I really like this idea, but we should definitely be doing exploratory data analyses and sharing the results before implementing features that use machine learning like this one. Implementing this would reduce our duplicate filter accuracy a lot. We would need to save all of our full blurbs in a separate file from the master list for this to work without affecting duplicate filtering.

PaulMcInnis commented 4 years ago

love this feature @studentbrad !

I agree with @bunsenmurder , we should retain the complete text somewhere so that the data can be used for other things including the similarity filter.

Perhaps we can just have blurb be the shortened text and add a new column to store the complete scraped text?

This greatly improves usability when reading thru job postings, can always just hide the column of raw/scraped text - though storing it elsewhere would be a cleaner option.
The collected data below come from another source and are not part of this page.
Lemma irreducible_rectangle x y :
  k <= x <= col_len D k -> k <= y <= row_len D k -> (x, y) \in D.
Proof.
move=> /andP[kx xc] /andP[ky yr].
suff rect i j : k + i <= col_len D k -> k + j <= row_len D k -> (k + i, k + j) \in D.
  by have := rect (x - k) (y - k); rewrite !subnKC //; apply.
elim: i j => [|i IHi] j ci rj; first by rewrite addn0 (mem_row FD) //; lia.
elim: j rj => [|j IHj] rj; first by rewrite addn0 (mem_col FD) //; lia.
apply/negPn/negP => nD.
have up : (k + i, k + j.+1) \in D by apply: IHi; lia.
have left : (k + i.+1, k + j) \in D by apply: IHj; lia.
have FPD : ferrers ((k + i.+1, k + j.+1) |` D).
  by move: up left; rewrite !addnS => up left; apply: ferrers_fsetU1.
have [j' /andP[j'k _] notR] := add_cell nD FPD.
by move: notR; rewrite /nu_region /=; lia.
Qed.

Lemma irreducible_standard_form n :
  of_order n D -> standard_form n D k.+1 (col_len D k) (row_len D k).
Proof.
move=> OD; have kc : k <= col_len D k by rewrite col_len_ge ?k_gt0 /=.
have kr : k <= row_len D k by rewrite row_len_ge ?k_gt0 /=.
split=> // x y /=.
rewrite /inB /=; apply/idP/idP => [/and3P[xyD /andP[kx _] /andP[ky _]] | /andP[xr yr]].
  have [x_gt0 y_gt0 _] := FD xyD.
  by rewrite kx ky (leq_col_len FD xyD) ?(leq_row_len FD xyD) //; lia.
have /andP[cn _] := OD _ _ (col_len_mem (leq_trans k_gt0 kc)).
have /andP[_ rn] := OD _ _ (row_len_mem (leq_trans k_gt0 kr)).
by rewrite irreducible_rectangle //; lia.
Qed.

Lemma irreducible_argmin_last : nu_argmin D k.+1 k.
Proof.
have [j0 j0_min] := numin_attained D (ltn0Sn k).
have min_le j : nu_argmin D k.+1 j -> j <= k by case/andP.
case: (ex_maxnP (ex_intro _ j0 j0_min) min_le) => p p_min p_max.
have [lt_kp | lt_pk | eq_kp] := ltngtP k p; last by move: p_min; rewrite -eq_kp.
  by have := min_le _ p_min; lia.
(* p < k is the largest minimiser: either column p + 1 can be lengthened, or
   row k - p shortened, or both are flat and [nu_flat] contradicts minimality. *)
exfalso; have [p0 | p_gt0] := posnP p.
  have PD : ((col_len D 1).+1, 1) \notin D by rewrite (mem_col FD) // ltnn andbF.
  have FPD : ferrers (((col_len D 1).+1, 1) |` D) by apply: ferrers_add_col_end.
  have [j /p_max jp] := add_cell PD FPD.
  by have := col_len_ge (y := 1); rewrite /nu_region /=; lia.
have x_gt0 : 0 < k - p by rewrite subn_gt0.
have := row_len_nonincr FD x_gt0; rewrite leq_eqVlt => /orP[/eqP eq_row | lt_row].
  have := col_len_nonincr FD p_gt0; rewrite leq_eqVlt => /orP[/eqP eq_col | lt_col].
    move: p_min => /andP[_ /eqP nu_p].
    have p_rng : 0 < p < k by rewrite p_gt0.
    have := nu_flat FD kk p_rng eq_row eq_col; have := @numin_le k.+1 D p.-1.
    by have := @numin_le k.+1 D p.+1; lia.
  have PD : ((col_len D p.+1).+1, p.+1) \notin D by rewrite (mem_col FD) // ltnn andbF.
  have [j /p_max jp] := add_cell PD (ferrers_add_col_end FD (ltn0Sn p) (fun _ => lt_col)).
  by have := col_len_ge (y := p.+1); rewrite /nu_region /=; lia.
have PD : (k - p, row_len D (k - p)) \in D.
  by rewrite (mem_row FD) // leqnn andbT; have := row_len_ge (x := k - p); lia.
have [j /p_max jp] := del_cell PD (ferrers_del_row_end FD x_gt0 lt_row).
by rewrite /nu_region /=; lia.
Qed.
Lemma cone3_saturated (z : 'rV[int]_4) (D : int) (l : 'I_r -> int) :
  D != 0 -> D *: z = \sum_(s in S) l s *: nu s -> forall s, s \in S -> (D %| l s)%Z.
Proof.
move=> D0 Ez; wlog D_gt0 : D z D0 Ez / 0 < D => [gen|].
  have [D_lt0|D_gt0] : D < 0 \/ 0 < D by move: D0; rewrite neq_lt => /orP.
    move=> s Ss; have := gen (- D) (- z); rewrite oppr_eq0 oppr_gt0 scaleNr scalerN opprK.
    by move=> /(_ D0 Ez D_lt0 s Ss); rewrite !dvdzE abszN.
  exact: gen D z D0 Ez D_gt0.
pose rho s := (l s %% D)%Z.
have rho_bd s : 0 <= rho s < D by rewrite modz_ge0 ?ltz_pmod.
have Erho : D *: (z - \sum_(s in S) (l s %/ D)%Z *: nu s) = \sum_(s in S) rho s *: nu s.
  rewrite scalerBr Ez scaler_sumr -sumrB; apply: eq_bigr => s _.
  by rewrite scalerA -scalerBl {1}(divz_eq (l s) D) mulrC addrC addKr.
move=> s Ss; apply/dvdz_mod0P.
exact: (cone3_remainders_eq0 D_gt0 rho_bd Erho Ss).
Qed.

End HeightOne.

Lemma cone3_lattice_basis a b c (u : 'rV[int]_4) :
  [set a; b; c] \in Sig -> uniq [:: a; b; c] ->
  idot u (nu a) = -1 -> idot u (nu b) = -1 -> idot u (nu c) = -1 ->
  exists2 P : 'M[int]_4, P \in unitmx &
    [/\ nu a *m P = std 0, nu b *m P = std 1 & nu c *m P = std 2].
Proof.
move=> SSig uabc ua ub uc; set S := [set a; b; c].
have ES : S =i [:: a; b; c] by move=> s; rewrite !inE -!orbA.
have Su s : s \in S -> idot u (nu s) = -1 by rewrite ES !inE => /or3P[] /eqP ->.
have S3 : #|S| = 3%N by rewrite (eq_card ES); apply/card_uniqP.
pose e (i : 'I_3) := nth a [:: a; b; c] i.
pose coef (l : 'I_3 -> int) s := l (inord (index s [:: a; b; c])).
have coef_e l i : coef l (e i) = l i by rewrite /coef index_uniq // inord_val.
have e_S i : e i \in S by rewrite ES mem_nth.
have sum_S (l : 'I_3 -> int) : \sum_i l i *: nu (e i) = \sum_(s in S) coef l s *: nu s.
  rewrite (sum_set_uniq _ uabc ES) (big_nth a) big_mkord.
  by apply: eq_bigr => i _; rewrite -/(e i) coef_e.
have [P Pu eP] : exists2 P : 'M[int]_(3 + 1), P \in unitmx &
    forall i, nu (e i) *m P = delta_mx 0 (lshift 1 i).
  apply: free_saturated_rows_basis.
- move=> l; rewrite sum_S => /(lin_indep_int SSig) l0 i.
  by rewrite -coef_e l0.
- move=> D z l D0; rewrite sum_S => Ez i.
  by rewrite -coef_e (cone3_saturated SSig Su S3 D0 Ez).
have std_delta (i : 'I_3) : std i = delta_mx 0 (lshift 1 i).
  by apply/matrixP => ? j; rewrite !mxE ord1 eqxx.
exists P => //; split.
- by rewrite (std_delta (Ordinal (isT : (0 < 3)%N))) -eP.
- by rewrite (std_delta (Ordinal (isT : (1 < 3)%N))) -eP.
- by rewrite (std_delta (Ordinal (isT : (2 < 3)%N))) -eP.
Qed.

Lemma circuit_cell_divisibility (J : {set 'I_r}) (b : 'I_r -> int) (u : 'rV[int]_4) w :
  #|J| = 4%N -> (forall s, s \in J -> idot u (nu s) = -1) ->
  \sum_(i in J) b i *: nu i = 0 -> w \in J -> b w != 0 -> J :\ w \in Sig ->
  forall s, s \in J :\ w -> (b w %| b s)%Z.
Proof.
move=> J4 uJ rel wJ bw0 cellSig s sc.
have cell3 : #|J :\ w| = 3%N by move: J4; rewrite (cardsD1 w) wJ /=; lia.
have uc t : t \in J :\ w -> idot u (nu t) = -1 by move=> /setD1P[_ /uJ].
have Ew : (- b w) *: nu w = \sum_(i in J :\ w) b i *: nu i.
  by apply/eqP; rewrite scaleNr eq_sym -addr_eq0 addrC -big_setD1 ?rel.
have /(_ s sc) : forall t, t \in J :\ w -> (- b w %| b t)%Z.
  by apply: (cone3_saturated cellSig uc cell3 _ Ew); rewrite oppr_eq0.
by rewrite !dvdzE abszN.
Qed.

Lemma circuit4_normal_form (Jp Jm : {set 'I_r}) i1 i2 j1 j2 (b : 'I_r -> int)
    (u : 'rV[int]_4) :
  Jp = [set i1; i2] -> Jm = [set j1; j2] -> uniq [:: i1; i2; j1; j2] ->
  (forall w, w \in Jm -> (Jp :|: Jm) :\ w \in Sig) ->
  (forall s, s \in Jp :|: Jm -> idot u (nu s) = -1) ->
  \sum_(i in Jp :|: Jm) b i *: nu i = 0 ->
  (forall i, i \in Jp -> 0 < b i) -> (forall i, i \in Jm -> b i < 0) ->
  nu j2 = nu i1 + nu i2 - nu j1.
Proof.
move=> EJp EJm uJ cells uJm rel bp bm.
have EJ : Jp :|: Jm =i [:: i1; i2; j1; j2] by move=> s; rewrite EJp EJm !inE -!orbA.
have J4 : #|Jp :|: Jm| = 4%N by rewrite (eq_card EJ); apply/card_uniqP.
have sum0 : \sum_(i in Jp :|: Jm) b i = 0.
  by apply: oppr_inj; rewrite oppr0 -(idot_comb uJm) rel idot0r.
have Jm1 : j1 \in Jm by rewrite EJm set21.
have Jm2 : j2 \in Jm by rewrite EJm set22.
have div w s : w \in Jm -> s != w -> s \in [:: i1; i2; j1; j2] -> (b w %| b s)%Z.
  move=> wJm sw sJ; apply: (circuit_cell_divisibility J4 uJm rel _ _ (cells w wJm)).
  - by rewrite in_setU wJm orbT.
  - by rewrite lt_eqF ?bm.
  - by rewrite in_setD1 sw EJ.
move: (uJ); rewrite /= !inE !negb_or => /and4P[/and3P[i12 i1j1 i1j2] /andP[i2j1 i2j2] j12 _].
rewrite (sum_set_uniq _ uJ EJ) !big_cons big_nil addr0 !addrA in sum0.
rewrite (sum_set_uniq _ uJ EJ) !big_cons big_nil addr0 !addrA in rel.
apply: circuit4_relation sum0 rel.
- by rewrite bp // EJp set21.
- by rewrite bp // EJp set22.
- exact: bm.
- exact: bm.
- by rewrite div ?inE ?eqxx.
- by rewrite div ?inE ?eqxx ?orbT.
- by rewrite div ?inE ?eqxx ?orbT // eq_sym.
- by rewrite div ?inE ?eqxx ?orbT.
Qed.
studentbrad commented 4 years ago

@bunsenmurder @PaulMcInnis I have taken your advice but this may be harder to implement than I thought. I want to preserve the what is now called the description (aka job['description']). However, I do not want this in the .csv. I only want the blurb. This contradicts how we use the .csv. The .csv is loaded as a job dictionary, so any column not included in the .csv is left blank (the description). I am confused on how handle this because we need to parse the .csv to update status'. It can be done using a combination of .csv and pickle parsing, but complicates the project. Thoughts?

markkvdb commented 4 years ago

Maybe something of a relational database. Make an Id for all job posting and store the original text with this id connected to a job.

bunsenmurder commented 4 years ago

The idea that @markkvdb had could work, as we could save every job description per id in a master 'database' file.

Then before running our similarity filter, we match jobs in the master list to our database and replace the blurb with the full description in our dictionary object. Then after the similarity filter runs, we just apply the summarizer on the final product.

studentbrad commented 4 years ago

I can maintain backward compatibility. The description will be stored elsewhere but the blurb will become a summarised version of the description in masterlist.csv. Sometimes the description cannot be summarised. In this case, the description becomes the blurb aka. job['blurb'] = job['description']. So, maintaining backward compatibility works with opposite logic. If we read the masterlist.csv and find no description stored elsewhere for that job ID; then the blurb becomes the description aka. job['description'] = job['blurb'].

studentbrad commented 4 years ago

I will close this PR for now until I have found a solution. Anyone is free to make suggestions in the meantime.